PROMPT => Among the records that follow, find the line with "From Coquelicot Require Import Coquelicot." and the line with "S Tone = None /\ rigged_countable S /\". Set down those lines and all lines between them exactly, without adding anything.

Records contained in a dataset
(* (Selection theorem.) Let $S\colon[0,1]\to\mathfrak S_1(\mathbb T)$ be a continuous path with $S(0)=\mathbf 1$. Then there exists a sequence of continuous functions $z_j\colon[0,1]\to\mathbb T$, $j=1,2,\dots$, such that $z_j(0)=1$ for all $j$ and, for every $r\in[0,1]$, the sequence $(z_1(r),z_2(r),\dots)$ is an enumeration of $S(r)$.
   Context: A rigged subset $S$ of a set $X$ assigns to each $x\in X$ a multiplicity $\mathrm{mult}(x;S)\in\{0,1,2,\dots,\infty\}$; an enumeration of a countable rigged set is a sequence in which each $x$ appears exactly $\mathrm{mult}(x;S)$ times. For a metric space $X$ with base point $x_0$, $\mathfrak S_\infty(X)$ is the set of countable rigged subsets of $X$ in which $x_0$ has multiplicity $\infty$ and which have no accumulation point other than $x_0$ (an accumulation point being a point every neighbourhood of which contains infinitely many elements counting multiplicity). For $S,T\in\mathfrak S_\infty(X)$, $d(S,T)=\inf\sum_{j}\mathrm{dist}(s_j,t_j)$ over all enumerations $(s_j)$, $(t_j)$ of $S$ and $T$. $\mathbf x_0$ denotes the rigged set consisting only of $x_0$ with infinite multiplicity, and $\mathfrak S_1(X)=\{S\in\mathfrak S_\infty(X):d(S,\mathbf x_0)<\infty\}$, a metric space with metric $d$. Here $X=\mathbb T$ (unit circle, arc-length metric) with base point $1$, so $\mathbf 1$ is the rigged set with only the point $1$ of infinite multiplicity. *)

From Stdlib Require Import Reals List ClassicalEpsilon.
From Coquelicot Require Import Coquelicot.
Open Scope R_scope.

Definition Tpt := {p : R * R | (fst p) ^ 2 + (snd p) ^ 2 = 1}.

Definition Tone : Tpt.
Proof. exists (1, 0). simpl. ring. Defined.

Definition tdist (p q : Tpt) : R :=
  acos (fst (proj1_sig p) * fst (proj1_sig q) + snd (proj1_sig p) * snd (proj1_sig q)).

(** Multiplicities in {0,1,2,...,oo}: [Some n] = n, [None] = oo. *)
Definition mult_t := option nat.

Definition rigged := Tpt -> mult_t.

Definition is_enumeration (S : rigged) (z : nat -> Tpt) : Prop :=
  forall x : Tpt,
    match S x with
    | None => forall N : nat, exists j : nat, (N <= j)%nat /\ z j = x
    | Some n => exists l : list nat,
        NoDup l /\ length l = n /\ (forall j : nat, In j l <-> z j = x)
    end.

Definition rigged_countable (S : rigged) : Prop :=
  exists f : Tpt -> nat, forall x y : Tpt,
    S x <> Some 0%nat -> S y <> Some 0%nat -> f x = f y -> x = y.

Definition finitely_many_in_ball (S : rigged) (x : Tpt) (e : R) : Prop :=
  exists l : list Tpt, forall y : Tpt, tdist x y < e ->
    S y <> None /\ (S y <> Some 0%nat -> In y l).

Definition accumulation_point (S : rigged) (x : Tpt) : Prop :=
  forall e : R, 0 < e -> ~ finitely_many_in_ball S x e.

Definition in_S_infty (S : rigged) : Prop :=
  S Tone = None /\ rigged_countable S /\
  (forall x : Tpt, accumulation_point S x -> x = Tone).

Definition enum_cost (s t : nat -> Tpt) : Rbar :=
  Lim_seq (fun N => sum_n (fun j => tdist (s j) (t j)) N).

Definition rdist (S T : rigged) : Rbar :=
  Rbar_glb (fun c : Rbar => exists s t : nat -> Tpt,
    is_enumeration S s /\ is_enumeration T t /\ c = enum_cost s t).

Definition rigged_one : rigged :=
  fun x => if excluded_middle_informative (x = Tone) then None else Some 0%nat.

Definition in_S1 (S : rigged) : Prop :=
  in_S_infty S /\ Rbar_lt (rdist S rigged_one) p_infty.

RESPONSE AREA =>
From Coquelicot Require Import Coquelicot.
Open Scope R_scope.

Definition Tpt := {p : R * R | (fst p) ^ 2 + (snd p) ^ 2 = 1}.

Definition Tone : Tpt.
Proof. exists (1, 0). simpl. ring. Defined.

Definition tdist (p q : Tpt) : R :=
  acos (fst (proj1_sig p) * fst (proj1_sig q) + snd (proj1_sig p) * snd (proj1_sig q)).

(** Multiplicities in {0,1,2,...,oo}: [Some n] = n, [None] = oo. *)
Definition mult_t := option nat.

Definition rigged := Tpt -> mult_t.

Definition is_enumeration (S : rigged) (z : nat -> Tpt) : Prop :=
  forall x : Tpt,
    match S x with
    | None => forall N : nat, exists j : nat, (N <= j)%nat /\ z j = x
    | Some n => exists l : list nat,
        NoDup l /\ length l = n /\ (forall j : nat, In j l <-> z j = x)
    end.

Definition rigged_countable (S : rigged) : Prop :=
  exists f : Tpt -> nat, forall x y : Tpt,
    S x <> Some 0%nat -> S y <> Some 0%nat -> f x = f y -> x = y.

Definition finitely_many_in_ball (S : rigged) (x : Tpt) (e : R) : Prop :=
  exists l : list Tpt, forall y : Tpt, tdist x y < e ->
    S y <> None /\ (S y <> Some 0%nat -> In y l).

Definition accumulation_point (S : rigged) (x : Tpt) : Prop :=
  forall e : R, 0 < e -> ~ finitely_many_in_ball S x e.

Definition in_S_infty (S : rigged) : Prop :=
  S Tone = None /\ rigged_countable S /\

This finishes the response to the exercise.